§ **TASK TO CARRY OUT**
In the entries that follow, the lines from the one with "(forall x (l" through the one with "g ((1 - t) *: x + t" are the ones to write out, exactly and with both ends included. Nothing else should appear.

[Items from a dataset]
◇ ◇ ◇ ◇

(* Let $V$ be a topological real vector space, $N:V\to\mathbb{R}$ a function, and $\alpha>1$ a real number. The following are equivalent: (1) $N$ is strictly sub-convex and is a Minkowski norm on $V$. (2) $N$ is non-negative, positively homogeneous (i.e. $N(\lambda x)=\lambda N(x)$ for all $x\in V$, $\lambda>0$), continuous, and $N^{\alpha}$ is strictly convex.
   Context: Topological real vector spaces are not assumed Hausdorff. A Minkowski norm on a real vector space $V$ is a function $N:V\to\mathbb{R}$ that is non-negative, satisfies $N(\lambda x)=\lambda N(x)$ for all $x\in V$ and real $\lambda>0$, satisfies $N(x+y)\le N(x)+N(y)$ for all $x,y$, and satisfies $N(x)\neq 0$ for $x\neq 0$. A function $g$ on a convex set is strictly convex if $g((1-t)x+ty)<(1-t)g(x)+tg(y)$ for all distinct $x,y$ and $t\in(0,1)$. For $f:C\to\mathbb{R}$ and $r\in\mathbb{R}$, $S_r(f)=\{x\in C: f(x)\le r\}$. For a subset $S$, $\mathrm{Aff}(S)$ is its affine hull; $\mathrm{ri}(S)$ and $\mathrm{rc}(S)$ are the interior and closure of $S$ in the subspace topology of $\mathrm{Aff}(S)$. $]x,y[=\{(1-t)x+ty: t\in[0,1]\}\setminus\{x,y\}$. A subset $C$ is strictly convex if for any two distinct $x,y\in\mathrm{rc}(C)$ one has $]x,y[\subseteq\mathrm{ri}(C)$. A function $f:C\to\mathbb{R}$ is strictly sub-convex if $S_r(f)$ is strictly convex for every $r\in\mathbb{R}$. *)

From HB Require Import structures.
From mathcomp Require Import all_boot all_order all_algebra.
From mathcomp Require Import all_classical all_reals all_analysis.
Set Implicit Arguments. Unset Strict Implicit. Unset Printing Implicit Defensive.
Import Order.TTheory GRing.Theory Num.Theory numFieldTopology.Exports.
Local Open Scope classical_set_scope.
Local Open Scope ring_scope.

(* V : topologicalLmodType R is a (not necessarily Hausdorff) topological
   vector space over the real field R (continuous addition, negation and
   scalar multiplication). *)

Section Defs.
Context {R : realType} {V : topologicalLmodType R}.

Definition minkowski_norm (N : V -> R) : Prop :=
  [/\ (forall x, 0 <= N x),
      (forall x (l : R), 0 < l -> N (l *: x) = l * N x),
      (forall x y, N (x + y) <= N x + N y) &
      (forall x, x != 0 -> N x != 0)].

Definition strictly_convex_fun (C : set V) (g : V -> R) : Prop :=
  forall x y (t : R), C x -> C y -> x != y -> 0 < t < 1 ->
    g ((1 - t) *: x + t *: y) < (1 - t) * g x + t * g y.

Definition sublevel (C : set V) (f : V -> R) (r : R) : set V :=
  [set x | C x /\ f x <= r].

Definition aff_hull (S : set V) : set V :=
  [set y | exists n (c : 'I_n -> R) (x : 'I_n -> V),
     [/\ (forall i, S (x i)), \sum_(i < n) c i = 1 &
         y = \sum_(i < n) c i *: x i]].

(* relative interior: interior of S in the subspace topology of Aff(S) *)
Definition rel_interior (S : set V) : set V :=
  [set x | S x /\ exists U : set V, [/\ open U, U x & U `&` aff_hull S `<=` S]].

(* relative closure: closure of S in the subspace topology of Aff(S) *)
Definition rel_closure (S : set V) : set V :=
  [set x | aff_hull S x /\
     forall U : set V, open U -> U x -> U `&` S !=set0].

Definition open_segment (x y : V) : set V :=
  [set z | exists2 t : R, 0 <= t <= 1 & z = (1 - t) *: x + t *: y]
  `\` [set x; y].

Definition strictly_convex_set (C : set V) : Prop :=
  forall x y, rel_closure C x -> rel_closure C y -> x != y ->
    open_segment x y `<=` rel_interior C.

Definition strictly_subconvex (C : set V) (f : V -> R) : Prop :=
  forall r : R, strictly_convex_set (sublevel C f r).

End Defs.

From HB Require Import structures.
From mathcomp Require Import all_boot all_order all_algebra.
From mathcomp Require Import all_classical all_reals all_analysis.
From mathcomp Require Import ring lra.
Import Order.TTheory GRing.Theory Num.Theory numFieldTopology.Exports.
Local Open Scope classical_set_scope.
Local Open Scope ring_scope.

◇ ◇ ◇ ◇

§ **YOUR RESPONSE**
      (forall x (l : R), 0 < l -> N (l *: x) = l * N x),
      (forall x y, N (x + y) <= N x + N y) &
      (forall x, x != 0 -> N x != 0)].

Definition strictly_convex_fun (C : set V) (g : V -> R) : Prop :=
  forall x y (t : R), C x -> C y -> x != y -> 0 < t < 1 ->
    g ((1 - t) *: x + t *: y) < (1 - t) * g x + t * g y.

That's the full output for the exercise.